Records from a collection:
━━━━━━━━━━━━━━━━━━━━
(* Let $D,\chi,\varepsilon>0$, $a\ge0$, $\beta\ge 0$, $b=D\beta^2$, and let $0<r_0<r_1$. Suppose $\rho\in C^0[0,\infty)$, $\phi\in C^2[0,\infty)$ satisfy $\rho(0)=0$, $\phi(0)\ge 0$, $\rho>0$ on $(r_0,r_1)$, $\rho\equiv0$ on $[0,r_0]\cup[r_1,\infty)$, $D\phi_{rr}+D\frac{\phi_r}{r}+a\rho-b\phi=0$ on $(0,\infty)$, and on $(r_0,r_1)$ the relation $\varepsilon\rho=\chi\phi+K$ holds for a constant $K$. If $K=0$ and $\phi_r(r_0)=\phi_r(r_1)=0$, then no such solution exists (i.e. there is no nontrivial solution of this form).
   Context: The relation $\varepsilon\rho=\chi\phi+K$ on the positivity region is the integrated form of the equation $\partial_r(\frac{\varepsilon}{2}\rho^2)=\chi\rho\phi_r$ from the radially symmetric stationary form of a hyperbolic-parabolic chemotaxis model on $\mathbb{R}^2$ with pressure $p(\rho)=\frac{\varepsilon}{2}\rho^2$. *)

From Stdlib Require Import Reals.
From Coquelicot Require Import Coquelicot.
Open Scope R_scope.

Definition nonneg (x : R) : Prop := 0 <= x.

Definition continuous_on_nonneg (f : R -> R) : Prop :=
  forall r, 0 <= r -> filterlim f (within nonneg (locally r)) (locally (f r)).

Definition has_derive_on_nonneg (f f' : R -> R) : Prop :=
  forall r, 0 <= r ->
    filterlim (fun x => (f x - f r) / (x - r))
      (within (fun x => 0 <= x /\ x <> r) (locally r)) (locally (f' r)).

Definition C2_nonneg_with (phi phi1 phi2 : R -> R) : Prop :=
  has_derive_on_nonneg phi phi1 /\ has_derive_on_nonneg phi1 phi2 /\
  continuous_on_nonneg phi2.

(** On (r0, r1) the relation with K = 0 makes phi a positive multiple of rho,
    so the flux r phi_r has derivative lambda r rho for a constant lambda.
    The flux vanishes at both ends, so by the mean value theorem lambda = 0;
    hence the flux, then phi_r, vanish on (r0, r1), so phi and with it rho are
    constant there. A positive constant cannot be the right limit of rho at r0,
    where rho vanishes. *)

From Pilot Require Import Defs.
From Stdlib Require Import Reals Lra.
From Coquelicot Require Import Coquelicot.
Open Scope R_scope.

Lemma filterlim_within_locally_R (f : R -> R) (P : R -> Prop) (r l : R) :
  filterlim f (within P (locally r)) (locally l) ->
  forall e, 0 < e ->
  exists d, 0 < d /\ forall y, Rabs (y - r) < d -> P y -> Rabs (f y - l) < e.
Proof.
  intros Hf e He.
  destruct (Hf _ (locally_ball l (mkposreal e He))) as [d Hd].
  exists d. split.
  - apply cond_pos.
  - intros y Hy HPy. exact (Hd y Hy HPy).
Qed.

Lemma has_derive_on_nonneg_derivable_pt_lim (f f' : R -> R) (r : R) :
  has_derive_on_nonneg f f' -> 0 < r -> derivable_pt_lim f r (f' r).
Proof.
  intros Hf Hr e He.
  destruct (filterlim_within_locally_R _ _ _ _ (Hf r (Rlt_le _ _ Hr)) e He)
    as [d [Hd Hquot]].
  assert (Hdr : 0 < Rmin d r) by (apply Rmin_pos; lra).
  exists (mkposreal _ Hdr). simpl. intros h Hh0 Hh.
  pose proof (Rmin_l d r). pose proof (Rmin_r d r).
  destruct (Rabs_def2 _ _ Hh).
  specialize (Hquot (r + h)). replace (r + h - r) with h in Hquot by ring.
  apply Hquot; [lra | split; lra].
Qed.

Lemma continuous_on_nonneg_const_right (f : R -> R) (x0 x1 C : R) :
  continuous_on_nonneg f -> 0 <= x0 -> x0 < x1 ->
  (forall x, x0 < x < x1 -> f x = C) ->
  f x0 = C.
Proof.
  intros Hf Hx0 Hx01 HC.
  apply (filterlim_locally_unique (F := at_right x0) f).
  - apply filterlim_filter_le_1 with (2 := Hf x0 Hx0).
    intros P [d Hd]. exists d. intros y Hy Hxy.
    apply Hd; [exact Hy | unfold Defs.nonneg; lra].
  - apply filterlim_ext_loc with (fun _ => C).
    + assert (Hd : 0 < x1 - x0) by lra.
      exists (mkposreal _ Hd). intros y Hy Hxy. symmetry. apply HC.
      apply Rabs_lt_between' in Hy. simpl in Hy. lra.
    + apply filterlim_const.
Qed.

Lemma derivable_pt_lim_factor_eq0 (f f' g : R -> R) (lam x0 x1 : R) :
  x0 < x1 ->
  (forall c, x0 <= c <= x1 -> derivable_pt_lim f c (f' c)) ->
  (forall c, x0 < c < x1 -> f' c = lam * g c) ->
  (forall c, x0 < c < x1 -> 0 < g c) ->
  f x0 = f x1 -> lam = 0.
Proof.
  intros Hx01 Hf Hf' Hg Hfx.
  destruct (MVT_cor2 f f' x0 x1 Hx01 Hf) as [c [Hmvt Hc]].
  rewrite Hf' in Hmvt by exact Hc.
  assert (Hprod : lam * (g c * (x1 - x0)) = 0) by lra.
  apply Rmult_integral in Hprod as [Hlam | Hgc]; [exact Hlam |].
  apply Rmult_integral in Hgc as [Hgc | Hgc]; [specialize (Hg c Hc) |]; lra.
Qed.

Lemma derivable_pt_lim_eq0_const (f f' : R -> R) (x0 x1 : R) :
  (forall c, x0 <= c <= x1 -> derivable_pt_lim f c (f' c)) ->
  (forall c, x0 < c < x1 -> f' c = 0) ->
  forall x, x0 <= x <= x1 -> f x = f x0.
Proof.
  intros Hf Hf' x Hx.
  destruct (Req_dec x x0) as [-> | Hxx0]; [reflexivity |].
  destruct (MVT_cor2 f f' x0 x) as [c [Hmvt Hc]]; [lra | intros c Hc; apply Hf; lra |].
  rewrite Hf' in Hmvt by lra. lra.
Qed.

Lemma radial_flux_derivable_pt_lim (D a b : R) (rho phi phi_r phi_rr : R -> R) (x : R) :
  D <> 0 -> has_derive_on_nonneg phi_r phi_rr ->
  (forall r, 0 < r ->
     D * phi_rr r + D * (phi_r r / r) + a * rho r - b * phi r = 0) ->
  0 < x ->
  derivable_pt_lim (fun y => y * phi_r y) x (x * (b * phi x - a * rho x) / D).
Proof.
  intros HD Hphi_r Hode Hx.
  replace (x * (b * phi x - a * rho x) / D) with (1 * phi_r x + x * phi_rr x).
  - apply (derivable_pt_lim_mult id phi_r x).
    + apply derivable_pt_lim_id.
    + exact (has_derive_on_nonneg_derivable_pt_lim _ _ _ Hphi_r Hx).
  - specialize (Hode x Hx).
    replace (b * phi x - a * rho x) with (D * phi_rr x + D * (phi_r x / x)) by lra.
    field. split; lra.
Qed.

Lemma proportional_neumann_phi_r_eq0 (D a b k r0 r1 : R)
    (rho phi phi_r phi_rr : R -> R) :
  D <> 0 -> 0 < r0 -> r0 < r1 ->
  has_derive_on_nonneg phi_r phi_rr ->
  (forall r, 0 < r ->
     D * phi_rr r + D * (phi_r r / r) + a * rho r - b * phi r = 0) ->
  (forall r, r0 < r < r1 -> 0 < rho r) ->
  (forall r, r0 < r < r1 -> phi r = k * rho r) ->
  phi_r r0 = 0 -> phi_r r1 = 0 ->
  forall r, r0 < r < r1 -> phi_r r = 0.
Proof.
  intros HD Hr0 Hr01 Hphi_r Hode Hrho_pos Hphi_rho Hd0 Hd1.
  set (flux := fun x => x * phi_r x).
  set (lam := (b * k - a) / D).
  assert (Hflux : forall c, r0 <= c <= r1 ->
            derivable_pt_lim flux c (c * (b * phi c - a * rho c) / D)).
  { intros c Hc. apply (radial_flux_derivable_pt_lim D a b rho phi phi_r phi_rr); auto; lra. }
  assert (Hflux' : forall c, r0 < c < r1 ->
            c * (b * phi c - a * rho c) / D = lam * (c * rho c)).
  { intros c Hc. unfold lam. rewrite Hphi_rho by exact Hc. field. exact HD. }
  assert (Hlam : lam = 0).
  { apply (derivable_pt_lim_factor_eq0 flux _ (fun c => c * rho c) lam r0 r1 Hr01 Hflux Hflux').
    - intros c Hc. apply Rmult_lt_0_compat; [lra | auto].
    - unfold flux. rewrite Hd0, Hd1. ring. }
  intros m Hm.
  assert (Hfluxm : flux m = flux r0).
  { apply (derivable_pt_lim_eq0_const _ _ r0 r1 Hflux); [| lra].
    intros c Hc. rewrite Hflux', Hlam by exact Hc. ring. }
  unfold flux in Hfluxm. rewrite Hd0, Rmult_0_r in Hfluxm.
  apply Rmult_integral in Hfluxm as [|]; lra.
Qed.

Theorem proposition7p1 (D chi eps a beta b r0 r1 K : R)
    (rho phi phi_r phi_rr : R -> R) :
  0 < D -> 0 < chi -> 0 < eps -> 0 <= a -> 0 <= beta ->
  b = D * beta ^ 2 ->
  0 < r0 -> r0 < r1 ->
  continuous_on_nonneg rho ->
  C2_nonneg_with phi phi_r phi_rr ->
  rho 0 = 0 ->
  0 <= phi 0 ->
  (forall r, r0 < r < r1 -> 0 < rho r) ->
  (forall r, (0 <= r <= r0) \/ r1 <= r -> rho r = 0) ->
  (forall r, 0 < r ->
     D * phi_rr r + D * (phi_r r / r) + a * rho r - b * phi r = 0) ->
  (forall r, r0 < r < r1 -> eps * rho r = chi * phi r + K) ->
  K = 0 ->
  phi_r r0 = 0 -> phi_r r1 = 0 ->
  False.
Proof.
  intros HD Hchi Heps _ _ _ Hr0 Hr01 Hrho [Hphi [Hphi_r _]] _ _ Hrho_pos Hrho_zero
    Hode Hrel -> Hd0 Hd1.
  assert (Hphi_rho : forall r, r0 < r < r1 -> phi r = eps / chi * rho r).
  { intros r Hr. specialize (Hrel r Hr). field_simplify_eq; lra. }
  assert (Hphi_r0 : forall r, r0 < r < r1 -> phi_r r = 0).
  { apply (proportional_neumann_phi_r_eq0 D a b (eps / chi) r0 r1 rho phi phi_r phi_rr);
      auto; lra. }
  assert (Hrho_const : forall r, r0 < r < r1 -> rho r = chi / eps * phi r0).
  { intros r Hr.
    assert (Hphir : phi r = phi r0).
    { apply (derivable_pt_lim_eq0_const phi phi_r r0 r); [| | lra].
      - intros c Hc. apply has_derive_on_nonneg_derivable_pt_lim; [exact Hphi | lra].
      - intros c Hc. apply Hphi_r0. lra. }
    specialize (Hrel r Hr). rewrite Hphir in Hrel. field_simplify_eq; lra. }
  assert (Hrho_r0 : rho r0 = chi / eps * phi r0).
  { apply (continuous_on_nonneg_const_right rho r0 r1); auto; lra. }
  assert (Hmid : r0 < (r0 + r1) / 2 < r1) by lra.
  specialize (Hrho_pos _ Hmid).
  rewrite Hrho_const, <- Hrho_r0, Hrho_zero in Hrho_pos by lra.
  lra.
Qed.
━━━━━━━━━━━━━━━━━━━━
## WORK TO COMPLETE
Repeat each line of the data above, exactly as it appears, from the first through the line that contains "Definition has_derive_on_nonneg (f".

## EXERCISE SOLUTION
(* Let $D,\chi,\varepsilon>0$, $a\ge0$, $\beta\ge 0$, $b=D\beta^2$, and let $0<r_0<r_1$. Suppose $\rho\in C^0[0,\infty)$, $\phi\in C^2[0,\infty)$ satisfy $\rho(0)=0$, $\phi(0)\ge 0$, $\rho>0$ on $(r_0,r_1)$, $\rho\equiv0$ on $[0,r_0]\cup[r_1,\infty)$, $D\phi_{rr}+D\frac{\phi_r}{r}+a\rho-b\phi=0$ on $(0,\infty)$, and on $(r_0,r_1)$ the relation $\varepsilon\rho=\chi\phi+K$ holds for a constant $K$. If $K=0$ and $\phi_r(r_0)=\phi_r(r_1)=0$, then no such solution exists (i.e. there is no nontrivial solution of this form).
   Context: The relation $\varepsilon\rho=\chi\phi+K$ on the positivity region is the integrated form of the equation $\partial_r(\frac{\varepsilon}{2}\rho^2)=\chi\rho\phi_r$ from the radially symmetric stationary form of a hyperbolic-parabolic chemotaxis model on $\mathbb{R}^2$ with pressure $p(\rho)=\frac{\varepsilon}{2}\rho^2$. *)

From Stdlib Require Import Reals.
From Coquelicot Require Import Coquelicot.
Open Scope R_scope.

Definition nonneg (x : R) : Prop := 0 <= x.

Definition continuous_on_nonneg (f : R -> R) : Prop :=
  forall r, 0 <= r -> filterlim f (within nonneg (locally r)) (locally (f r)).

Definition has_derive_on_nonneg (f f' : R -> R) : Prop :=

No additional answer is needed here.